Dataset entries:
◇ ◇ ◇ ◇

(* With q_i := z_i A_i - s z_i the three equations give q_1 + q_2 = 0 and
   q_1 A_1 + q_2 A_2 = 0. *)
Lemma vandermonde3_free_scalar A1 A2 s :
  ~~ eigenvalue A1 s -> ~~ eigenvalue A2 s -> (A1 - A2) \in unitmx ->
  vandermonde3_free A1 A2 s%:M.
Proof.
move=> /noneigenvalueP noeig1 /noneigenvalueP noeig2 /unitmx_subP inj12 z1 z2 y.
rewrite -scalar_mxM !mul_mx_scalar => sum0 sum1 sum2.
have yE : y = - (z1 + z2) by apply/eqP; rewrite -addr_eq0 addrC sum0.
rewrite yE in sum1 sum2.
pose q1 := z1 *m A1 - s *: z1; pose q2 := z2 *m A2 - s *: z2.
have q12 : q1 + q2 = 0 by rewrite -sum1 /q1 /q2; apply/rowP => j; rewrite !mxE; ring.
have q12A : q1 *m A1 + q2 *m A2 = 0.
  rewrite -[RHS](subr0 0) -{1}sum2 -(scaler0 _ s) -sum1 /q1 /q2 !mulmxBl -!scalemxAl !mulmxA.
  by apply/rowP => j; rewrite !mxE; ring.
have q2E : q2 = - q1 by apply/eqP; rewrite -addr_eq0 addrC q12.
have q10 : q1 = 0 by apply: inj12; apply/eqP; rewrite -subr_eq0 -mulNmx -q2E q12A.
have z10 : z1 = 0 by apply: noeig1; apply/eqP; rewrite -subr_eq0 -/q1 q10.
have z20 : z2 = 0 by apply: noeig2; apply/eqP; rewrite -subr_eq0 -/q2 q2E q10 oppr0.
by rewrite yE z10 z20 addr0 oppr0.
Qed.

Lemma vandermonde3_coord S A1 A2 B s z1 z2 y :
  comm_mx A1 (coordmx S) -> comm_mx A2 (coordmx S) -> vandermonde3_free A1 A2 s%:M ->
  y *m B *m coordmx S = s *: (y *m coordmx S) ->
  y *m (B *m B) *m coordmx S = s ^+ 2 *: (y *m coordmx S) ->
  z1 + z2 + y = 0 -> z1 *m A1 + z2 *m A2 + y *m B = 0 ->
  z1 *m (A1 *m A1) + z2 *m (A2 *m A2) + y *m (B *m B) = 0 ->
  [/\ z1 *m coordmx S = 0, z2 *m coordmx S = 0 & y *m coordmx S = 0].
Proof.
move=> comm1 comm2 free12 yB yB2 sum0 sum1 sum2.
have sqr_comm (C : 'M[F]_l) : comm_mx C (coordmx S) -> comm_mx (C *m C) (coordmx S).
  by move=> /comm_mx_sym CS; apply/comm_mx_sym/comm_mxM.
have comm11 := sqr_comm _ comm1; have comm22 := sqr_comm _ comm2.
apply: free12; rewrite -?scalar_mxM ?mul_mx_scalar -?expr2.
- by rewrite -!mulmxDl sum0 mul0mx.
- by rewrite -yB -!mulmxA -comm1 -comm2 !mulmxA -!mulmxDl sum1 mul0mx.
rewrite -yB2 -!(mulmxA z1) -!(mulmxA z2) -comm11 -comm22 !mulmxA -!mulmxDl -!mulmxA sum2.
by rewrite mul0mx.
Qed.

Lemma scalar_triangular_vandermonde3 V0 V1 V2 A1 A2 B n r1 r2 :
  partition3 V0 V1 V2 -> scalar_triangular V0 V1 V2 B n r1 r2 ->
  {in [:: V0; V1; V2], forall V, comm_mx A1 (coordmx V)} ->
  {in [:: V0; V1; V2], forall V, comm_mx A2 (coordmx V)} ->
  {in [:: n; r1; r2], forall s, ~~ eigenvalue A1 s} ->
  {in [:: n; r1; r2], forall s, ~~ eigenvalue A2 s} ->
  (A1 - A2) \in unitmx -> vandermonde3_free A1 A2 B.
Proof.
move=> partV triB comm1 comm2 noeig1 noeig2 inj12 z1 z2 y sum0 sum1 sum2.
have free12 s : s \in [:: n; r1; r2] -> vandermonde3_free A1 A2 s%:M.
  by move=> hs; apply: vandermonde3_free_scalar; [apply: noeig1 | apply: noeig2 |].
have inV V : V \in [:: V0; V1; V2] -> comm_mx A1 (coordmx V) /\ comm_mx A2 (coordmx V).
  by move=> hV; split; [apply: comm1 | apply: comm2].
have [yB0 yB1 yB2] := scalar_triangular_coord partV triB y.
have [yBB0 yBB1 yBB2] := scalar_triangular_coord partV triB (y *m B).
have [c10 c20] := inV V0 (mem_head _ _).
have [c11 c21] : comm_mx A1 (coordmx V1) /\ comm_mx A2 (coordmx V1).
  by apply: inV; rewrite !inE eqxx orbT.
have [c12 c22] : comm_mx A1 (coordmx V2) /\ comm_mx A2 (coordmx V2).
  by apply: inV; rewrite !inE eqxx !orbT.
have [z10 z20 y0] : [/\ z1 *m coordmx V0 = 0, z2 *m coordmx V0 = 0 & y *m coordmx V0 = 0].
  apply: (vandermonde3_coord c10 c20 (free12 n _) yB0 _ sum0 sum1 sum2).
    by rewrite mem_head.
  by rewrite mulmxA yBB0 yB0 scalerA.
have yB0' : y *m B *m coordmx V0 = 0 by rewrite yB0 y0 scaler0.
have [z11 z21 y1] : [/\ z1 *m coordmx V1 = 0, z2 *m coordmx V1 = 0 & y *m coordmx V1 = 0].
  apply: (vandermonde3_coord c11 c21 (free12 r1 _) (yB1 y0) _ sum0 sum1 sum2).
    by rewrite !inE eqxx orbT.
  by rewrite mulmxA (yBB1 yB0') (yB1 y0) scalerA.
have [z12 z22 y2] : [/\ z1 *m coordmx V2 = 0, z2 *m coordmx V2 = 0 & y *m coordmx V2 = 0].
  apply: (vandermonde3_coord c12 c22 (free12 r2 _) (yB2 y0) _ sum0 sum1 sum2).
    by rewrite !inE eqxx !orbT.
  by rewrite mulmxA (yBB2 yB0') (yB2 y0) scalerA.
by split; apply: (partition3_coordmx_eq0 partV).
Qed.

◇ ◇ ◇ ◇

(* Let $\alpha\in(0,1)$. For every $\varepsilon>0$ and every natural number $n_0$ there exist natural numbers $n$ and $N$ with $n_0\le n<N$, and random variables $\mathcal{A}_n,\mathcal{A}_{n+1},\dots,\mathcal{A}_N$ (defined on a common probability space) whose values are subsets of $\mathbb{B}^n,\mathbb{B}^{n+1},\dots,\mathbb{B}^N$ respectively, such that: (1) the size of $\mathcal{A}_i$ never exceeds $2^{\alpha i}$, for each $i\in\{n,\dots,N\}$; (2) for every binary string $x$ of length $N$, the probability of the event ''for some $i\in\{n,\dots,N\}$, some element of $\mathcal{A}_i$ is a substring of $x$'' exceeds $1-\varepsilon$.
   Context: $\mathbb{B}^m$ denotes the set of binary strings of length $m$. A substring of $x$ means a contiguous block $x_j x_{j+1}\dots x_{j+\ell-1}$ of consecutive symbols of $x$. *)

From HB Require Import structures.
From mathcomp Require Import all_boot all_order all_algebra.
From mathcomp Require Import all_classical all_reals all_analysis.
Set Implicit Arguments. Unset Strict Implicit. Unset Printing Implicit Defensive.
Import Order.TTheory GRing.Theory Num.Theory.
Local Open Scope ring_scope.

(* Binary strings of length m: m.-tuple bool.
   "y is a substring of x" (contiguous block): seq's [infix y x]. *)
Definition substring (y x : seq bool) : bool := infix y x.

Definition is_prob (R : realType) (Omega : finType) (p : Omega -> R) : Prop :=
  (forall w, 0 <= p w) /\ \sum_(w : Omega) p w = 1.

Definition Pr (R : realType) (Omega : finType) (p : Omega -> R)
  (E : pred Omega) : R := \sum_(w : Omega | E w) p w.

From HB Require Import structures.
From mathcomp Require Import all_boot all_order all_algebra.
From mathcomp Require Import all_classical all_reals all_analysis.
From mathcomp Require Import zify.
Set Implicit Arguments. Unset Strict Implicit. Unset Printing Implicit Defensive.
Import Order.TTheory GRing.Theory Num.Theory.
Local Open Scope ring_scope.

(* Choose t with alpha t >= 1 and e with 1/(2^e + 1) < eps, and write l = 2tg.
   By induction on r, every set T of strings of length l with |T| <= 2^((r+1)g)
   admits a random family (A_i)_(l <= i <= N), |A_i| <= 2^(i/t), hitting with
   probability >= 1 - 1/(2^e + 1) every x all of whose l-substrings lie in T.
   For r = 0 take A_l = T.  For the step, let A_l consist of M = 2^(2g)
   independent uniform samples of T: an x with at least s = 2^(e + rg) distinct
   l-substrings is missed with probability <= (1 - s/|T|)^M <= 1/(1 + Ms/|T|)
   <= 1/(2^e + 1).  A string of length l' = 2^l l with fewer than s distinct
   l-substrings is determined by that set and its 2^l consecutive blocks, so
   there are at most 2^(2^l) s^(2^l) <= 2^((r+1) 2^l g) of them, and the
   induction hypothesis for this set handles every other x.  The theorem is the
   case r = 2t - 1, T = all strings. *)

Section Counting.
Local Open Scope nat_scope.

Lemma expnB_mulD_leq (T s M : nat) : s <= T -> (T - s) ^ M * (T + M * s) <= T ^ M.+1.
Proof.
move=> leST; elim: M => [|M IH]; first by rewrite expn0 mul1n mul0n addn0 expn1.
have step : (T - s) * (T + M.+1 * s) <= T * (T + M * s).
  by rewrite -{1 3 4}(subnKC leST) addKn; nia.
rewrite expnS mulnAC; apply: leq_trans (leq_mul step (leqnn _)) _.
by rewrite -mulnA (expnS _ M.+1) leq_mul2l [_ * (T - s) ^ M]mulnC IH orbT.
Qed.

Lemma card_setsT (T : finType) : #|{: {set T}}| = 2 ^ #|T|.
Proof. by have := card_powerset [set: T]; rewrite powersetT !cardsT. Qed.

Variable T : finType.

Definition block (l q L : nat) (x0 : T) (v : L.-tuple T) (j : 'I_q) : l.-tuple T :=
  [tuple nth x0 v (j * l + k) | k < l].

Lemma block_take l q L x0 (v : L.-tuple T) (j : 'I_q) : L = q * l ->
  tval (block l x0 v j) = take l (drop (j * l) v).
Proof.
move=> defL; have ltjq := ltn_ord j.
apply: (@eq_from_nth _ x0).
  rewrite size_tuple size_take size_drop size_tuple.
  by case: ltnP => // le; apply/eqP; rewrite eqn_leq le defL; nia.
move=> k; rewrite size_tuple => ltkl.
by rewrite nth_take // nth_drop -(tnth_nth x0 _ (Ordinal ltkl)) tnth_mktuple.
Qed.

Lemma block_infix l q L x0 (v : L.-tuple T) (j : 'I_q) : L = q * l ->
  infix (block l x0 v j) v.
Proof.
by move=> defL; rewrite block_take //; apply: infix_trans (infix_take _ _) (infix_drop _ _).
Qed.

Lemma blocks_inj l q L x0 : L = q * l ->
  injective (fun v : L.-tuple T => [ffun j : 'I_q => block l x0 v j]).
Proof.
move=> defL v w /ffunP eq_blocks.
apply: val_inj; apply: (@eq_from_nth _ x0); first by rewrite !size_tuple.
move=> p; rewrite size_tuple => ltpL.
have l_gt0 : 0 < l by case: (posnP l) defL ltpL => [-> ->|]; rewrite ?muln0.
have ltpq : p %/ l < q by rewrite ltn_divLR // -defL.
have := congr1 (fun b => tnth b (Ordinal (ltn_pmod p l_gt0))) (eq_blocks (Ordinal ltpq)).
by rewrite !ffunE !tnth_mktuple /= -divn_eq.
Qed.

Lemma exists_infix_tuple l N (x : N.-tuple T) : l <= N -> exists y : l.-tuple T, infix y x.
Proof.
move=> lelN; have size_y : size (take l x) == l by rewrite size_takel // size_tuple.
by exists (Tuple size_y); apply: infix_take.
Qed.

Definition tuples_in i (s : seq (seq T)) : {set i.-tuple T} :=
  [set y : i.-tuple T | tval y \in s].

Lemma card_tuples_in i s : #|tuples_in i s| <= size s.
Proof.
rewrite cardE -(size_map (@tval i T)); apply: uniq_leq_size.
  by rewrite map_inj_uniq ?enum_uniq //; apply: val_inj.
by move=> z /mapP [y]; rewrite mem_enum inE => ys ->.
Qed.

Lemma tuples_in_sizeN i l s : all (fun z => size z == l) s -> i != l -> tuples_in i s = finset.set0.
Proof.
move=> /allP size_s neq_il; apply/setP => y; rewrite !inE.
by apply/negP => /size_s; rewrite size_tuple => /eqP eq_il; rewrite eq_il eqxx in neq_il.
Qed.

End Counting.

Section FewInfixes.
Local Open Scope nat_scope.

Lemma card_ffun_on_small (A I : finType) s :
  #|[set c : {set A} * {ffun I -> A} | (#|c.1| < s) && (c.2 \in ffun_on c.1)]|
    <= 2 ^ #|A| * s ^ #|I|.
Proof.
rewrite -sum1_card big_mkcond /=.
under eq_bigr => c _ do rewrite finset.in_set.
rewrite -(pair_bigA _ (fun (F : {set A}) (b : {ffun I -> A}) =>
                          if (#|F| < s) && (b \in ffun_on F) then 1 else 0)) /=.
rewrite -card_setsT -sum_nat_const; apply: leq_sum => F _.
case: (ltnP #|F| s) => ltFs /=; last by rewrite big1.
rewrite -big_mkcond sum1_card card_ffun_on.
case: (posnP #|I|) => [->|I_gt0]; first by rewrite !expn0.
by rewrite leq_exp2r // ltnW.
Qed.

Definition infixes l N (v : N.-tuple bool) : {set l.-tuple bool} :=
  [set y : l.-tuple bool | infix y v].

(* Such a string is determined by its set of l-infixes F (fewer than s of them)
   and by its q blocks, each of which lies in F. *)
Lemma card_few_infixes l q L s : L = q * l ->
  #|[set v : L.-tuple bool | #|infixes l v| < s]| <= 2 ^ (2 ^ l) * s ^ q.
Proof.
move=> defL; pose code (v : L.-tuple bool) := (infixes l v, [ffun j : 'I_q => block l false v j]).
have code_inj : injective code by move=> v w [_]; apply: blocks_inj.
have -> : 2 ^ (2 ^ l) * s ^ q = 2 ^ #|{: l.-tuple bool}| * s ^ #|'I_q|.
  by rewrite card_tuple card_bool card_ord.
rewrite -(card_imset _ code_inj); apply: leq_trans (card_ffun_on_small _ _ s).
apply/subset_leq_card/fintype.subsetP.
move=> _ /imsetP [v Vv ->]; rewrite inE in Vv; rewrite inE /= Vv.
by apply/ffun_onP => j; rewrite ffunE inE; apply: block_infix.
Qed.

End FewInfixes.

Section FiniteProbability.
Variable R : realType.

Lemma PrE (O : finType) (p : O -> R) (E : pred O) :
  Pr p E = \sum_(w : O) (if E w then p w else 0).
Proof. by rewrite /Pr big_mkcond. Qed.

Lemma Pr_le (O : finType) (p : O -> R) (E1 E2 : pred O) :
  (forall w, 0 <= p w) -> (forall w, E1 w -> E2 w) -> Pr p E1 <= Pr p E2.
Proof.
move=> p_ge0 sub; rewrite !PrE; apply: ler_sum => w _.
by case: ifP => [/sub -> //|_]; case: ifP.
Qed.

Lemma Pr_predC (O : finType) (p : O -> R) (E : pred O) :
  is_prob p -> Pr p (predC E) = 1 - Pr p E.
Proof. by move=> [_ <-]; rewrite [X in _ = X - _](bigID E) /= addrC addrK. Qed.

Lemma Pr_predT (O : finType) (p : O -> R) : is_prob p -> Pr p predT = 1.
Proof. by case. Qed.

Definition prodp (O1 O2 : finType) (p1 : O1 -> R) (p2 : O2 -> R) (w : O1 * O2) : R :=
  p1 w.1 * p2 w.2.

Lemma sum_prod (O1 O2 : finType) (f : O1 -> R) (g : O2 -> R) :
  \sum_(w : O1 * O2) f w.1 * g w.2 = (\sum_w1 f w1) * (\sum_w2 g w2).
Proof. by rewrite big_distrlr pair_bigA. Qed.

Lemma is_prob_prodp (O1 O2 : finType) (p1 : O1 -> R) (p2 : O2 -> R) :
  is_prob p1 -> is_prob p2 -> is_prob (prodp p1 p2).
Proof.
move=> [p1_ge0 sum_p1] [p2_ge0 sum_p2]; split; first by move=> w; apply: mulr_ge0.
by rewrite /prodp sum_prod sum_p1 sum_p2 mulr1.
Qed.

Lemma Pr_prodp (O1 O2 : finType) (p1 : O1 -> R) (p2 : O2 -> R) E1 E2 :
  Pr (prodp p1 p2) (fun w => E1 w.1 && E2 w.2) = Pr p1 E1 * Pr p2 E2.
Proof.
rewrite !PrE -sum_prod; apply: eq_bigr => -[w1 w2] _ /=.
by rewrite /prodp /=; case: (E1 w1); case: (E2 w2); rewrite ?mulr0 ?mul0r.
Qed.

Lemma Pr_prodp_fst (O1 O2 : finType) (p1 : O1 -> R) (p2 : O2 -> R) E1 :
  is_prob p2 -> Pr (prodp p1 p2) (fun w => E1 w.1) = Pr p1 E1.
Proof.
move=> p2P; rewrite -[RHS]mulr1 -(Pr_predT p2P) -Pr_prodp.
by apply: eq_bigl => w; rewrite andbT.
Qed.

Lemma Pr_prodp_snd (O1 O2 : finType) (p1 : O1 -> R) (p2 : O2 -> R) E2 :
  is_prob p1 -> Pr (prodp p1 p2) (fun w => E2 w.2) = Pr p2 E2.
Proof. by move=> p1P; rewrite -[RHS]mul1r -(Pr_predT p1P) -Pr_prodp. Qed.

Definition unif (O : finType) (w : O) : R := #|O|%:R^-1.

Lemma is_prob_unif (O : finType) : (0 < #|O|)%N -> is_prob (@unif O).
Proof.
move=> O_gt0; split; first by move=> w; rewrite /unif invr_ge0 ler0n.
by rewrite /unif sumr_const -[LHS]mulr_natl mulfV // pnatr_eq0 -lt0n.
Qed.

◇ ◇ ◇ ◇

• Work required
From the records above, reproduce exactly the lines from the one with "Lemma block_infix l" to the one with "Lemma blocks_inj l q L x0 : L = q * l ->", both included, and no others.

• Answer area
Lemma block_infix l q L x0 (v : L.-tuple T) (j : 'I_q) : L = q * l ->
  infix (block l x0 v j) v.
Proof.
by move=> defL; rewrite block_take //; apply: infix_trans (infix_take _ _) (infix_drop _ _).
Qed.

Lemma blocks_inj l q L x0 : L = q * l ->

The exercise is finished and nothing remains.